(* Since g(d_v, .) = du, the Killing equation (L_X g)_ab = 0 for
   X = d_u + Y d_v + eps d_3 reads: transport rate of g_ab
   + delta_b1 d_a Y + delta_a1 d_b Y = 0. *)
Lemma killing_reduction (N : nat) (eps : R) (H : Point -> R) (W : nat -> Point -> R)
    (m : nat -> nat -> Point -> R) (Y : Point -> R) :
  (3 <= N)%nat ->
  (forall p, all_pd N Y p) ->
  (forall p a b, (1 <= a <= N)%nat -> (1 <= b <= N)%nat ->
     reduced_killing N eps Y (gmet N H W m a b) p a b) ->
  killing N (gmet N H W m) (killing_field eps Y).
Proof.
  intros HN HY Hg p a b Ha Hb.
  set (g := gmet N H W m a b).
  destruct (Hg p a b Ha Hb) as [Hall [l [[d1 [d3 [G1 [G2 [G3 Hl]]]]] Hsum]]].
  destruct (HY p a Ha) as [dya Hya], (HY p b Hb) as [dyb Hyb].
  set (Dg := fun c => Derive (fun t => g (upd p c t)) (p c)).
  exists Dg, (fun c => if Nat.eqb c 2 then dya else 0), (fun c => if Nat.eqb c 2 then dyb else 0).
  split.
  - intros c Hc. destruct (Hall c Hc) as [d Hd].
    split; [exact (has_pd_Derive g c p d Hd)|].
    split; apply has_pd_killing_field; assumption.
  - rewrite sumN_first3 by (auto; intros c Hc; unfold killing_field;
      destruct (Nat.eqb_spec c 1), (Nat.eqb_spec c 2), (Nat.eqb_spec c 3); try lia; ring).
    destruct (gmet_row2 N H W m b p Hb) as [Hb2 _], (gmet_row2 N H W m a p Ha) as [_ Ha2].
    unfold Dg, killing_field. simpl. rewrite Hb2, Ha2.
    rewrite (has_pd_unique g 1 p _ d1 (has_pd_Derive g 1 p d1 G1) G1),
            (has_pd_unique g 2 p _ 0 (has_pd_Derive g 2 p 0 G2) G2),
            (has_pd_unique g 3 p _ d3 (has_pd_Derive g 3 p d3 G3) G3).
    pose proof (Hsum dya dyb Hya Hyb). lra.
Qed.

Lemma all_pd_mult (N : nat) (A B : Point -> R) (p : Point) :
  all_pd N A p -> all_pd N B p -> all_pd N (fun q => A q * B q) p.
Proof.
  intros HA HB c Hc. destruct (HA c Hc) as [a Ha], (HB c Hc) as [b Hb].
  eexists. exact (has_pd_mult A B c p a b Ha Hb).
Qed.

Lemma all_pd_fold_sum (N : nat) (F : nat -> Point -> R) (l : list nat) (p : Point) :
  (forall i, In i l -> all_pd N (F i) p) ->
  all_pd N (fun q => fold_right Rplus 0 (map (fun i => F i q) l)) p.
Proof.
  induction l as [|i l IHl]; intros HF c Hc; simpl.
  - exists 0. now apply has_pd_const.
  - destruct (HF i (or_introl eq_refl) c Hc) as [a Ha].
    destruct (IHl (fun j Hj => HF j (or_intror Hj)) c Hc) as [b Hb].
    exists (a + b). exact (has_pd_plus _ _ c p a b Ha Hb).
Qed.

Lemma gmet_uu (N : nat) (H : Point -> R) (W : nat -> Point -> R)
    (m : nat -> nat -> Point -> R) (q : Point) :
  gmet N H W m 1 1 q = 2 * H q.
Proof. gmet_cases. Qed.

Lemma gmet_ue (N : nat) (H : Point -> R) (W : nat -> Point -> R)
    (m : nat -> nat -> Point -> R) (e : nat) (q : Point) :
  (3 <= e <= N)%nat -> gmet N H W m 1 e q = W e q /\ gmet N H W m e 1 q = W e q.
Proof. intro He. split; gmet_cases. Qed.

Lemma gmet_ef (N : nat) (H : Point -> R) (W : nat -> Point -> R)
    (m : nat -> nat -> Point -> R) (e e' : nat) (q : Point) :
  (3 <= e <= N)%nat -> (3 <= e' <= N)%nat ->
  gmet N H W m e e' q = fold_right Rplus 0 (map (fun i => m i e q * m i e' q) (seq 3 (N - 2))).
Proof. intros He He'. gmet_cases. Qed.

Lemma gform_killing_field (N : nat) (eps : R) (H Y : Point -> R) (W : nat -> Point -> R)
    (m : nat -> nat -> Point -> R) (q : Point) :
  (3 <= N)%nat ->
  gform N (gmet N H W m) q (killing_field eps Y q) (killing_field eps Y q) =
  2 * H q + 2 * Y q + 2 * eps * W 3%nat q + eps ^ 2 * gmet N H W m 3 3 q.
Proof.
  intro HN.
  assert (Hvanish : forall c, (4 <= c <= N)%nat -> killing_field eps Y q c = 0).
  { intros c Hc. unfold killing_field.
    destruct (Nat.eqb_spec c 1), (Nat.eqb_spec c 2), (Nat.eqb_spec c 3); lia || reflexivity. }
  unfold gform. rewrite sumN_first3 by (auto; intros c Hc; unfold sumN;
    apply fold_sum_zero; intros; rewrite (Hvanish c) by lia; ring).
  rewrite !sumN_first3 by (auto; intros c Hc; rewrite (Hvanish c) by lia; ring).
  destruct (gmet_ue N H W m 3 q) as [Hu3 H3u]; [lia|].
  destruct (gmet_row2 N H W m 1 q) as [H21 H12]; [lia|].
  destruct (gmet_row2 N H W m 2 q) as [H22 _]; [lia|].
  destruct (gmet_row2 N H W m 3 q) as [H23 H32]; [lia|].
  unfold killing_field; simpl.
  rewrite gmet_uu, Hu3, H3u, H21, H12, H22, H23, H32. unfold kdelta. simpl. ring.
Qed.

Lemma const_entry (N : nat) (eps k : R) (Y G : Point -> R) (p : Point) (a b : nat) :
  (forall q, G q = k) ->
  (forall dya dyb, has_pd Y a p dya -> has_pd Y b p dyb ->
     kdelta b 1 * dya + kdelta a 1 * dyb = 0) ->
  reduced_killing N eps Y G p a b.
Proof.
  intros HG HY.
  assert (Hc : forall c, has_pd G c p 0) by (intro c; apply has_pd_const; intro t; now rewrite !HG).
  split; [intros c _; now exists 0|]. exists 0. split; [exists 0, 0; repeat split; auto; ring|].
  intros dya dyb Hya Hyb. pose proof (HY dya dyb Hya Hyb). lra.
Qed.

Lemma reduced_killing_ext (N : nat) (eps : R) (Y F G : Point -> R) (p : Point) (a b : nat) :
  (forall q, F q = G q) -> reduced_killing N eps Y F p a b -> reduced_killing N eps Y G p a b.
Proof.
  intros HFG [Hall [l [Hl Hid]]]. split; [exact (all_pd_ext N F G p HFG Hall)|].
  exists l. split; [exact (transport_ext eps F G p l HFG Hl)|exact Hid].
Qed.

Definition shifted_frame (eps : R) (mt : nat -> nat -> Point -> R) : nat -> nat -> Point -> R :=
  fun i e q => mt i e (shift eps q).

Definition v_component (eps : R) (H Phi f : Point -> R) (q : Point) : R :=
  - (H q + eps * Phi q + f q).

Lemma has_pd_v_component (eps : R) (H Phi f : Point -> R) (c : nat) (p : Point) (h ph fh : R) :
  has_pd H c p h -> has_pd Phi c p ph -> has_pd f c p fh ->
  has_pd (v_component eps H Phi f) c p (- (h + eps * ph + fh)).
Proof.
  intros Hh Hph Hfh.
  apply (has_pd_ext (fun q => -1 * ((H q + eps * Phi q) + 1 * f q)));
    [intro q; unfold v_component; ring|].
  apply (has_pd_value _ _ _ (-1 * ((h + eps * ph) + 1 * fh))); [|ring].
  apply has_pd_scal, has_pd_plus; [apply has_pd_plus|apply has_pd_scal]; auto.
  now apply has_pd_scal.
Qed.

Section KillingVector.

Variables (N : nat) (eps : R) (mt : nat -> nat -> Point -> R) (H F2t f Phi : Point -> R)
  (Et : nat -> Point -> R) (u0 : R) (W : nat -> Point -> R) (dH dPhi df : nat -> Point -> R).

Hypothesis HN : (3 <= N)%nat.
Hypothesis Heps : eps <> 0.
Hypothesis Hmt_dep : forall i e, (3 <= i <= N)%nat -> (3 <= e <= N)%nat ->
  depends_only_on (fun j => (3 <= j <= N)%nat) (mt i e).
Hypothesis Hmt_smooth : forall i e, (3 <= i)%nat -> (i <= e)%nat -> (e <= N)%nat ->
  smoothN N (mt i e).
Hypothesis Hmt_zero : forall i e, (3 <= e)%nat -> (e < i)%nat -> (i <= N)%nat ->
  forall y, mt i e y = 0.
Hypothesis Hmt_pos : forall i, (3 <= i <= N)%nat -> forall y, 0 < mt i i y.
Hypothesis HH_dep : depends_only_on (fun j => j = 1%nat \/ (3 <= j <= N)%nat) H.
Hypothesis HH_smooth : smoothN N H.
Hypothesis HF2_dep : depends_only_on (fun j => (3 <= j <= N)%nat) F2t.
Hypothesis HF2_smooth : smoothN N F2t.
Hypothesis HE_dep : forall n, (4 <= n <= N)%nat ->
  depends_only_on (fun j => (3 <= j <= N)%nat) (Et n).
Hypothesis HE_smooth : forall n, (4 <= n <= N)%nat -> smoothN N (Et n).
Hypothesis Hf_dep : depends_only_on (fun j => (3 <= j <= N)%nat) f.
Hypothesis Hf_smooth : smoothN N f.
Hypothesis HPhi_dep : depends_only_on (fun j => j = 1%nat \/ (3 <= j <= N)%nat) Phi.
Hypothesis HPhi_smooth : smoothN N Phi.
Hypothesis HPhi_u : forall p, exists d, has_pd Phi 1 p d /\ has_pd H 3 p d.
Hypothesis HdH : forall n p, (4 <= n <= N)%nat -> has_pd H n p (dH n p).
Hypothesis HdPhi : forall n p, (4 <= n <= N)%nat -> has_pd Phi n p (dPhi n p).
Hypothesis Hdf : forall n p, (4 <= n <= N)%nat -> has_pd f n p (df n p).
Hypothesis HW3 : forall p, W 3%nat p = Phi p + / eps * (F2t (shift eps p) + f p).
Hypothesis HWn : forall n p, (4 <= n <= N)%nat ->
  exists pr : Riemann_integrable
                (fun z => dH n (path eps p z) + eps * dPhi n (path eps p z)
                          + df n (path eps p z)) u0 (p 1%nat),
    W n p = RiemannInt pr + Et n (shift eps p).

Let Y := v_component eps H Phi f.
Let g := gmet N H W (shifted_frame eps mt).

Lemma v_component_all_pd (p : Point) : all_pd N Y p.
Proof.
  intros c Hc.
  destruct (smooth_all_pd N H p HH_smooth c Hc) as [h Hh].
  destruct (smooth_all_pd N Phi p HPhi_smooth c Hc) as [ph Hph].
  destruct (smooth_all_pd N f p Hf_smooth c Hc) as [fh Hfh].
  eexists. exact (has_pd_v_component eps H Phi f c p h ph fh Hh Hph Hfh).
Qed.

Lemma v_component_pd_v (p : Point) : has_pd Y 2 p 0.
Proof.
  apply (has_pd_value _ _ _ (- (0 + eps * 0 + 0))); [|ring].
  apply has_pd_v_component;
    [apply (has_pd_indep _ H 2 p HH_dep)|apply (has_pd_indep _ Phi 2 p HPhi_dep)
    |apply (has_pd_indep _ f 2 p Hf_dep)]; lia.
Qed.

• _EXERCISE PROMPT_
Could you repeat exactly the lines above from the line with "has_pd (v_component eps" up to and including the line with "apply has_pd_scal, has_pd_plus;", and only those?

• _WRITTEN ANSWER_
  has_pd (v_component eps H Phi f) c p (- (h + eps * ph + fh)).
Proof.
  intros Hh Hph Hfh.
  apply (has_pd_ext (fun q => -1 * ((H q + eps * Phi q) + 1 * f q)));
    [intro q; unfold v_component; ring|].
  apply (has_pd_value _ _ _ (-1 * ((h + eps * ph) + 1 * fh))); [|ring].
  apply has_pd_scal, has_pd_plus; [apply has_pd_plus|apply has_pd_scal]; auto.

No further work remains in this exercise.